| What needs to be done |
Below are the entries; give again exactly the lines from the one mentioning "Lemma sum_lag_regr t" through the one mentioning "then coef i", inclusive.
· · · · · · ·
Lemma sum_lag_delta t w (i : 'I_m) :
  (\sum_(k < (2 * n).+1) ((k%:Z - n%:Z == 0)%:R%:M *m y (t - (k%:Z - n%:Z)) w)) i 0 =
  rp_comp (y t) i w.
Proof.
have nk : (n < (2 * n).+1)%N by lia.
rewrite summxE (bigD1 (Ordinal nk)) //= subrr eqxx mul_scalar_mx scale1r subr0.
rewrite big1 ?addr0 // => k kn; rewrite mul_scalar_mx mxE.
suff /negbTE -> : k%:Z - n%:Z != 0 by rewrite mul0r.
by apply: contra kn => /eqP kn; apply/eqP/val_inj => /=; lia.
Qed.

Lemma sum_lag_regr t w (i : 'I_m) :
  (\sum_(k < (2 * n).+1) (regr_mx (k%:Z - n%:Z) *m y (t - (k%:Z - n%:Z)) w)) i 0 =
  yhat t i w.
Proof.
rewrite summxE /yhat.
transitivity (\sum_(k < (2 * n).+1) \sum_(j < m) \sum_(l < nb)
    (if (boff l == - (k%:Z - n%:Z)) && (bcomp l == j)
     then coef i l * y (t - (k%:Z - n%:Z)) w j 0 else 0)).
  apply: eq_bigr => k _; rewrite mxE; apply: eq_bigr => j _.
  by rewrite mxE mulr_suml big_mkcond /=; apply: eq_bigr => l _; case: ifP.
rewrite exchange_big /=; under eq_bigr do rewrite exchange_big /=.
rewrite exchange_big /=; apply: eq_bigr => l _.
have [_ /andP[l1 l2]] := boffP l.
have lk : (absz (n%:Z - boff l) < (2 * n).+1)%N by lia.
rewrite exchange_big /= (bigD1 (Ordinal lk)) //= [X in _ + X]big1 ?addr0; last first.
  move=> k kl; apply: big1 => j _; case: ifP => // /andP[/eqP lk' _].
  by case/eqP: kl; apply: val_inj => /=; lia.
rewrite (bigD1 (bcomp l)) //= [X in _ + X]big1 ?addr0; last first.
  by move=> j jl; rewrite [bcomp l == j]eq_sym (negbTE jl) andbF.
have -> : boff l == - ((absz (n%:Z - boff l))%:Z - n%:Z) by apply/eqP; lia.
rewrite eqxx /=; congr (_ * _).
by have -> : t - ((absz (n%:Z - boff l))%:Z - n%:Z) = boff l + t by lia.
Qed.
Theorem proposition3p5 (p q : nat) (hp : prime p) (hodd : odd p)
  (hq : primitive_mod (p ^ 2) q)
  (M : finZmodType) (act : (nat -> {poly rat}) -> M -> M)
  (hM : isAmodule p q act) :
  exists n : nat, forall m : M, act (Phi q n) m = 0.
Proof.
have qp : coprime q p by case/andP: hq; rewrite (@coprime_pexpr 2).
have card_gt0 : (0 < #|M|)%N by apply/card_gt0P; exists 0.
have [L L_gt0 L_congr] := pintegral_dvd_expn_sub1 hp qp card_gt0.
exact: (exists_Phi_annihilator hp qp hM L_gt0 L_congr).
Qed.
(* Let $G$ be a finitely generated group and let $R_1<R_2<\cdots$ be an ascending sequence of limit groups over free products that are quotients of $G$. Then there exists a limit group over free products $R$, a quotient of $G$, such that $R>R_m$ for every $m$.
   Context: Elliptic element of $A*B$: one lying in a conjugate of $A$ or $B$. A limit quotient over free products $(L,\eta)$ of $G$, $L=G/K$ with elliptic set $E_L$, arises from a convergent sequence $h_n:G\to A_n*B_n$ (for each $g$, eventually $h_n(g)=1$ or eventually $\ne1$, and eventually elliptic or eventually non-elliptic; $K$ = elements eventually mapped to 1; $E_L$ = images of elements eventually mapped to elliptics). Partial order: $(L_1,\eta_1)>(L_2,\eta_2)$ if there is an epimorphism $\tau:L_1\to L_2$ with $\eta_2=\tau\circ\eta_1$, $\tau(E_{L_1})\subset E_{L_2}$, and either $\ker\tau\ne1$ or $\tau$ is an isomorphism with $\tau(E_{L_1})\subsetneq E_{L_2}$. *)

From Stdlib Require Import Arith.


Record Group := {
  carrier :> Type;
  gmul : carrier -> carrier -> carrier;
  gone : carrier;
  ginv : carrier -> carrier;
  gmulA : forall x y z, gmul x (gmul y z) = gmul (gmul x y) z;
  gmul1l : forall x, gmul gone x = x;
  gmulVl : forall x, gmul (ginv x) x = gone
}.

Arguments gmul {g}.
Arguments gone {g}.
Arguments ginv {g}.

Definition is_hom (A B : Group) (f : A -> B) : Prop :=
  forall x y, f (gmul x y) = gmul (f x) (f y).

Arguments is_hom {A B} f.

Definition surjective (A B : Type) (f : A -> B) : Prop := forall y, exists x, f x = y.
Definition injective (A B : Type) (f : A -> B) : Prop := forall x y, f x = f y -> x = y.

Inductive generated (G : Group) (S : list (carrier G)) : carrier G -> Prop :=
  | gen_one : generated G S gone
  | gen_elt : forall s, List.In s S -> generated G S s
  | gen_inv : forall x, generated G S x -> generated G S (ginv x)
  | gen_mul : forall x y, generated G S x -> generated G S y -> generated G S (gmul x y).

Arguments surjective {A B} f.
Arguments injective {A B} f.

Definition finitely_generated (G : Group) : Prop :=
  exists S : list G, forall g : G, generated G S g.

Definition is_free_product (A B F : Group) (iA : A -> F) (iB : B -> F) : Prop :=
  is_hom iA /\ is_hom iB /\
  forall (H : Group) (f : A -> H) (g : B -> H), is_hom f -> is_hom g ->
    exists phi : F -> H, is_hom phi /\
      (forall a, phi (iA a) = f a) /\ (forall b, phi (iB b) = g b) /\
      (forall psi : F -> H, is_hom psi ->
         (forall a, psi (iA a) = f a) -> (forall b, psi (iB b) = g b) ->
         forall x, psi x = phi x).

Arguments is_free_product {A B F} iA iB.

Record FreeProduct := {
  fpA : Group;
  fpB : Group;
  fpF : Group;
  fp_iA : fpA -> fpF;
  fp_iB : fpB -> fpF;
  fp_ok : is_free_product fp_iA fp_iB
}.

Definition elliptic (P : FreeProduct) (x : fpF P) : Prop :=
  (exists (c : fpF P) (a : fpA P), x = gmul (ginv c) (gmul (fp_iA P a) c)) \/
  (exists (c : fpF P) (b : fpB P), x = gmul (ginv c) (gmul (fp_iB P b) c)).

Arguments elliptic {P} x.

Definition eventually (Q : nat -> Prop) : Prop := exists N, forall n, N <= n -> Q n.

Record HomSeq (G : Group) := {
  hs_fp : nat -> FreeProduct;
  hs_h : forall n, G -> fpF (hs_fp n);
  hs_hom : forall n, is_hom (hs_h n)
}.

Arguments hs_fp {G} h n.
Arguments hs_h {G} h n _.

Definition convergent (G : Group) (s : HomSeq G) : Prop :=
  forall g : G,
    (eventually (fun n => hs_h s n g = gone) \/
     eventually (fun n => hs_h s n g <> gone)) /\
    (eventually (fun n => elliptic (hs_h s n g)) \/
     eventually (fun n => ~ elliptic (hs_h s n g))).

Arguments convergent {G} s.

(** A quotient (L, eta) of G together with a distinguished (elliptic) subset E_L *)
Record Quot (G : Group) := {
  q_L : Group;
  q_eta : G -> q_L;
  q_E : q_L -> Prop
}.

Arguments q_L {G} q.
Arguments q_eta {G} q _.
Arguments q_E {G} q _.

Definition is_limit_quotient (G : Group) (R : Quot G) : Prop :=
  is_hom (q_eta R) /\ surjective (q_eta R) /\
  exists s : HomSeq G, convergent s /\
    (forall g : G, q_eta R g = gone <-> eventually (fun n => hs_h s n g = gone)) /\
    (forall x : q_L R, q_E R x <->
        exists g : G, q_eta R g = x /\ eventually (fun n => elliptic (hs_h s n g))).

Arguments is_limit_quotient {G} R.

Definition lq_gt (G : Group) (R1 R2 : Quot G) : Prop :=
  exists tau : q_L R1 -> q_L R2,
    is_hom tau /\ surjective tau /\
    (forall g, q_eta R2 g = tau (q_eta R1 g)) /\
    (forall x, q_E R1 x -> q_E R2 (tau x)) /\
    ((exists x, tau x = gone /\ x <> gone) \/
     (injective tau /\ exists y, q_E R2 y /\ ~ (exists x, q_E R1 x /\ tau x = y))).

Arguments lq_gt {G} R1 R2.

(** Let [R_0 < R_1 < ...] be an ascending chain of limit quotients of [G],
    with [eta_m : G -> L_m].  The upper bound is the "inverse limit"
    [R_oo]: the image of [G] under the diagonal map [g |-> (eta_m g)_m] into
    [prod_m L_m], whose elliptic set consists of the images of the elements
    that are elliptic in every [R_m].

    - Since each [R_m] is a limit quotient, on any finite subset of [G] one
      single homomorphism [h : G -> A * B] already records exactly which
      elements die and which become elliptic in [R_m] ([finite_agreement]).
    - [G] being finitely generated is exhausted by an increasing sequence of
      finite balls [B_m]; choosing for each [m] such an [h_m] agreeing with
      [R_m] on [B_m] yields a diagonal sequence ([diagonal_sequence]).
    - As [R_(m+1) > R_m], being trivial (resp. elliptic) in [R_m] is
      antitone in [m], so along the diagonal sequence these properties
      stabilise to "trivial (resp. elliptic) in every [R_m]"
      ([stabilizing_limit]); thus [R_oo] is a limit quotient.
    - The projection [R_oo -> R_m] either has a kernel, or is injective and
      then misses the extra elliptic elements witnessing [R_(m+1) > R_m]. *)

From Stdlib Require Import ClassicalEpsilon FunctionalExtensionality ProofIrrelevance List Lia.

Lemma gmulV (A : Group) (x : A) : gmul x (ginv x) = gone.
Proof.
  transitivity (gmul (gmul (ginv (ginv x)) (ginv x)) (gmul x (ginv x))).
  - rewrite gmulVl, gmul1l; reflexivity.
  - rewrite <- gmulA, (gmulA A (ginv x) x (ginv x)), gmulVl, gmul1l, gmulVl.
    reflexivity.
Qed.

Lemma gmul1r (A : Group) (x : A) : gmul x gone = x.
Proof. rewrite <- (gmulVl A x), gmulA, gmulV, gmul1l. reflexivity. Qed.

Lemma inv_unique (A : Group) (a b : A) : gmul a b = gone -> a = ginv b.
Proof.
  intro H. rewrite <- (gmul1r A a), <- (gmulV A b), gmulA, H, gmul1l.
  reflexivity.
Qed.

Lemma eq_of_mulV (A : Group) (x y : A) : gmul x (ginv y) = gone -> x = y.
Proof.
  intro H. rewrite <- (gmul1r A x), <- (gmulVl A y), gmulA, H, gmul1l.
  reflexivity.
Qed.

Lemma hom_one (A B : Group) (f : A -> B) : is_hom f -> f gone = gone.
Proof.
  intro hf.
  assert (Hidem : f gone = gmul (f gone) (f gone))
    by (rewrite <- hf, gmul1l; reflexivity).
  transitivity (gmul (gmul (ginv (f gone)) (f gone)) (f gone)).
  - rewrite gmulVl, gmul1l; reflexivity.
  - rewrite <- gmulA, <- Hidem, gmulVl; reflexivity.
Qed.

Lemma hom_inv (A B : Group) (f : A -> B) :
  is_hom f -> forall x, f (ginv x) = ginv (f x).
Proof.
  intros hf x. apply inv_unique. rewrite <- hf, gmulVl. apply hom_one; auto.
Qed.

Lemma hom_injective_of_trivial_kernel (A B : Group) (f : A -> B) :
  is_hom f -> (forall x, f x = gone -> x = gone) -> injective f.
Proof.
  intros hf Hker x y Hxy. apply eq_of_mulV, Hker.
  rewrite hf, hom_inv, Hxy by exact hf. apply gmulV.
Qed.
· · · · · · ·
| Solution for this problem |
Lemma sum_lag_regr t w (i : 'I_m) :
  (\sum_(k < (2 * n).+1) (regr_mx (k%:Z - n%:Z) *m y (t - (k%:Z - n%:Z)) w)) i 0 =
  yhat t i w.
Proof.
rewrite summxE /yhat.
transitivity (\sum_(k < (2 * n).+1) \sum_(j < m) \sum_(l < nb)
    (if (boff l == - (k%:Z - n%:Z)) && (bcomp l == j)
     then coef i l * y (t - (k%:Z - n%:Z)) w j 0 else 0)).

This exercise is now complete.